Key Responsibilities
- Design and develop high volume, scalable, extensible and reliable big data processing and analytics pipelines.
- Provide technical solutions for product needs as well as for supporting operations.
- Acquire, clean and analyze large, messy data sets from Big Data sources
- Integrate data from multiple internal/external data sources and APIs
- Automate, extend and scale the data processing and analytics pipeline
- Create custom tools to streamline and optimize workflow and enable cohesive data driven applications
- Design and develop SQL scripts and tools to support adhoc analytical requests
Requirement
- Proficiency in distributed computing principles.
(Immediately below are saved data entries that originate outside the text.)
Lemma gcd_size_count_le x z A :
  A \in z -> A \notin x -> gcd_size x z + count_mem A z <= size z.
Proof.
move=> Az Ax; rewrite /gcd_size; set u := undup (x ++ z).
have Au : A \in u by rewrite mem_undup mem_cat Az orbT.
have zu : {subset z <= u} by move=> y yz; rewrite mem_undup mem_cat yz orbT.
rewrite -(sum_count_mem_cover (undup_uniq _) zu) (bigD1_seq A) ?undup_uniq //=.
rewrite [X in _ <= X](bigD1_seq A) ?undup_uniq //= (count_memPn Ax) min0n add0n addnC leq_add2l.
by apply: leq_sum => y _; apply: geq_minr.
Qed.

(* A factorization of A B longer than |z| + 1 would give a length adjacent to |A z|
   from above, reached within distance dG of A z; as A occurs more than dG times
   in A z, that factorization contains A, and removing it beats the maximality of z. *)
Lemma max_factorization_sadd_atom dG B z A :
  is_succ_dist G dG -> factorization_of z B ->
  (forall x, factorization_of x B -> size x <= size z) ->
  minimal_zero_sum A -> dG <= count_mem A z ->
  forall x, factorization_of x (sadd A B) -> size x <= (size z).+1.
Proof.
move=> [delta_dG _] [atoms_z ez] maxz minA le_dG x0 fx0; rewrite leqNgt; apply/negP => ltx0.
have fAz : factorization_of (A :: z) (sadd A B).
  by split; [move=> U; rewrite inE => /predU1P[->|/atoms_z]|rewrite sprod_cons ez].
pose P l := pbool (in_lengths (sadd A B) l /\ (size z).+1 < l).
have exP : exists l, P l by exists (size x0); apply/pboolP; split=> //; exists x0.
have [l /pboolP[lenl ltl] minl] := ex_minnP exP.
have adj : adjacent_lengths (sprod (A :: z)) l (size (A :: z)).
  rewrite fAz.2; split; first by rewrite /=; lia.
  split=> //; split; first by exists (A :: z).
  move=> p /= /andP[lt1 lt2] lenp.
  have : l <= p by apply: minl; apply/pboolP; split=> //; lia.
  lia.
have [xi [[atoms_xi exi] [size_xi dist_xi]]] := delta_dG (A :: z) fAz.1 l adj.
have A_xi : A \in xi.
  apply/negPn/negP => Anxi; have := gcd_size_count_le (mem_head A z) Anxi.
  move: dist_xi; rewrite /fdist geq_max => /andP[_]; rewrite /= eqxx add1n.
  by move: le_dG; set c := count_mem A z; set gcd := gcd_size _ _; lia.
have frem : factorization_of (rem A xi) B.
  split=> [U /mem_rem /atoms_xi //|]; apply: (@saddI _ A).
  by rewrite -sprod_cons -(sprod_perm (perm_to_rem A_xi)) exi sprod_cons ez.
by have := maxz _ frem; rewrite size_rem // size_xi; lia.
Qed.

End SuccessiveDistance.

Section DavenportConstants.
Variable G : finZmodType.
Implicit Types (S T : gseq G).

Lemma eta_disjoint_zs eta j S :
  is_eta G eta -> eta + j * expG G <= slen S -> has_k_disjoint_zs j.+1 S.
Proof.
move=> [short_zs _]; elim: j S => [|j IH] S le_S.
  have [T [TS [/andP[T0 _] zT]]] := short_zs S (leq_trans (leq_addr _ _) le_S).
  exact: disjoint_zs_cons T0 zT TS (disjoint_zs0 _).
have [T [TS [/andP[T0 Te] zT]]] := short_zs S (leq_trans (leq_addr _ _) le_S).
apply: (disjoint_zs_cons T0 zT TS (IH _ _)).
by rewrite slen_sdiff //; move: le_S; rewrite mulSn; lia.
Qed.

Lemma Dk_succ_le k Dk Dk1 eta :
  is_Dk G k Dk -> is_Dk G k.+1 Dk1 -> is_eta G eta -> eta <= Dk + expG G ->
  Dk1 <= Dk + expG G.
Proof.
move=> [Dk_zs _] [_ Dk1_min] [short_zs _] le_eta; apply: Dk1_min => S le_S.
have [T [TS [/andP[T0 Te] zT]]] := short_zs S (leq_trans le_eta le_S).
apply: (disjoint_zs_cons T0 zT TS (Dk_zs _ _)).
by rewrite slen_sdiff //; lia.
Qed.

Lemma Dk_extremal k Dk :
  is_Dk G k.+1 Dk -> exists2 S : gseq G, (slen S).+1 = Dk & ~ has_k_disjoint_zs k.+1 S.
Proof.
move=> [Dk_zs Dk_min]; have Dk_gt0 : 0 < Dk.
  rewrite lt0n; apply/eqP => Dk0.
  have := Dk_zs (snil G); rewrite Dk0 slen_snil => /(_ isT) /slen_gt0_disjoint_zs.
  by rewrite slen_snil.
have [S le_S noS] : exists2 S : gseq G, Dk.-1 <= slen S & ~ has_k_disjoint_zs k.+1 S.
  apply: NNPP => noS; suff : Dk <= Dk.-1 by lia.
  by apply: Dk_min => S le_S; apply: NNPP => nS; apply: noS; exists S.
exists S => //; have : ~ (Dk <= slen S) by move/Dk_zs.
lia.
Qed.

End DavenportConstants.

Section MaximalFactorizations.
Variable G : finZmodType.
Implicit Types (S B : gseq G) (z : seq (gseq G)).

Lemma factorization_size_sadd_spow1 k S x z :
  ~ has_k_disjoint_zs k S -> factorization_of z (sadd S (spow x 1)) -> size z <= k.
Proof.
move=> noS fz; rewrite leqNgt; apply/negP => ltkz; apply: noS; apply: (@disjoint_zs_spow1 _ _ _ x).
exact: disjoint_zs_leq ltkz (disjoint_zs_factorization fz).
Qed.

Lemma no_disjoint_zs_ssub j S B :
  zero_sum B -> ssub S B -> slen S < slen B ->
  (forall x, factorization_of x B -> size x <= j) -> ~ has_k_disjoint_zs j S.
Proof.
move=> zB SB ltSB maxB /(disjoint_zs_complement zB SB ltSB) /(factorization_disjoint_zs zB).
by case=> x /maxB; lia.
Qed.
Experience with Cloudera/MapR/Hortonworks.
- Proficiency with Spark, Hadoop MapReduce, HDFS. Strong expertise in Scala/Spark is very desirable.
- Excellent knowledge of data structures, algorithms and design patterns
- Deep understanding of SQL/NoSQL and system performance on Big Data platforms
- Proficiency in SQL and/or at least one of the high level programming languages, Java/Scala/Python
- Experience in large scale data analysis on platforms like Hadoop/Spark in Pig / Hive / Spark
- Experience with NoSQL databases, such as HBase, Cassandra, MongoDB is a plus
- Ability to work independently and collaboratively within a team
- Flexible, adaptive, quick learner